The proteins in the Localized-1342 dataset are mainly classified into 12 sub-cellular compartments. The 12 compartments were collapsed into five new "generalized" compartments combining together related smaller compartments. The new compartments are the nucleus (N), mitochondria (M), cytoplasm (C), membrane (T), and secretory pathway (E for endoplasmic reticulum or extracellular). The T compartment included all the integral transmembrane (plasma membrane, cell membrane and membranes of various compartments such as mitochondria, nucleus, Golgi) proteins, whereas all the secreted proteins and proteins in the secretory pathway and small organelles (i.e. proteins in the Golgi, vacuoles, endoplasmic reticulum, vesicles and peroxisome) are classified to E compartment.
In order to predict localization using mFPT method, we needed to generalize the features under consideration. There were 19 genomic features  included in our calculation, and they were divided into three categories in terms of the information they were derived from: (1) motifs (12 features); (2) overall-sequence (2 features); and (3) whole-genome (5 features). Table 1 gives the description of 19 different features. For every feature, proteins were divided into definite numbers of bins in terms of the different feature values. Then we used numbers(from 1 to 113) to represent different bins for different features. For every feature, the biggest number represented no feature record for one protein, and the other numbers corresponded to different bins separately.
The features in the motif class were based on a small sequence pattern in a protein.

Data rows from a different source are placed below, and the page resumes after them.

Definition distributive_law (lam : forall X : U, Sstar M (Binf C X) -> Binf C (Sstar M X)) : Prop :=
  (forall (X Y : U) (h : X -> Y) (t : Sstar M (Binf C X)),
      lam Y (Sstar_map (Binf_map h) t) = Binf_map (Sstar_map h) (lam X t)) /\
  (forall (X : U) (d : Binf C X), lam X (eta M (Binf C X) d) = Binf_map (eta M X) d) /\
  (forall (X : U) (t : Sstar M (Binf C X)), eps C (Sstar M X) (lam X t) = Sstar_map (eps C X) t) /\
  (forall (X : U) (t : Sstar M (Sstar M (Binf C X))),
      lam X (mu (Binf C X) t) = Binf_map (mu X) (lam (Sstar M X) (Sstar_map (lam X) t))) /\
  (forall (X : U) (t : Sstar M (Binf C X)),
      Binf_map (lam X) (lam (Binf C X) (Sstar_map (delta X) t)) = delta (Sstar M X) (lam X t)).

Definition op_model_eq (lam : forall X : U, Sstar M (Binf C X) -> Binf C (Sstar M X))
    (m : Sstar M Empty_set -> B (Sstar M Empty_set)) : Prop :=
  forall t : Sstar M (Sstar M Empty_set),
    coext m (mu Empty_set t) =
    Binf_map (mu Empty_set) (lam (Sstar M Empty_set) (Sstar_map (coext m) t)).

Definition operational_model (lam : forall X : U, Sstar M (Binf C X) -> Binf C (Sstar M X))
    (m : Sstar M Empty_set -> B (Sstar M Empty_set)) : Prop :=
  op_model_eq lam m /\ forall m', op_model_eq lam m' -> forall t, m' t = m t.

End Derived.

From Stdlib Require Import FunctionalExtensionality Classical ClassicalEpsilon.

For example, the feature HDEL(the endoplasmic reticulum retention signal) represented the presence or absence of the HDEL motif at the C terminus of a protein, then we used numbers 82 to 84 to represent this feature, for which 82 denoted the absence of the HDEL motif, 83 denoted the presence of the HDEL motif, and 84 denoted no feature information for this protein.
The overall-sequence features were based on the entire sequence of a protein. For instance, the feature PI was the isoelectric point PI of a protein, while the feature TMS1 represented the number of predicted transmembrane segments in a protein. At last, the whole genome features were derived from whole-genome level data. For instance, the feature MAYOUNG contained the mRNA absolute expression data from the experiments of Young et al , and feature MAYOUNG were divided in to 10 bin(number 45 to 55), with 55 representing no feature record for one protein, and 44 to 54 corresponded to mRNA absolute expression data from low to high.
Input patterns for mFPT are shown in Table 2, in which each line represents a protein, and each column represents one of 19 genomic features, denoting separately MIT1, GLYC, SIGNALP, SIG1, NUC1, PI, TMS1, MAYOUNG, KNOCKOUT, MRDIASD, PLMNEW1, FARN, GGSI, MIT2, HDEL, NUC2, POX1, MRCYELU, MRCYCSD. The last column indicates the localization of protein, separately represented by . Localized-1342 included 1342 proteins, separately belonging to five different locations. To get an overall assessment of how the prediction performs, we divided the data samples into training (70%) and testing (30%) files.
Rules of Predicting Protein Localization
We executed the mFPT algorithm with the following steps:
- Run FPT once, produce a complete set of patterns.
- Sort these rules according to their performances. (Here we used the product of hit-rate(ratio of positives over positives plus negatives) and square root of number of hits by the rule.)
- Select the best rule. (We chose highest hit-rate above support level.)
- Remove the samples hit by this rule, go to step 1 and run FPT again.
mFPT method prescribes that the lower the minimum support is, the more accurately the rules are predicted. In consideration of computing time cost, we chose the minimum support as 2, the minimum hit-rate as 0.5, and the rules below them were considered to be insignificant.
In the computation, we predicted five locations individually. After almost 50 loops, we got 45,31,17,34,15(total 142 rules) rules respectively for five locations, as is partly shown in Table 3 and entirely shown in File S1. At last, we integrated the five predicting results and obtained the final predictions for localization.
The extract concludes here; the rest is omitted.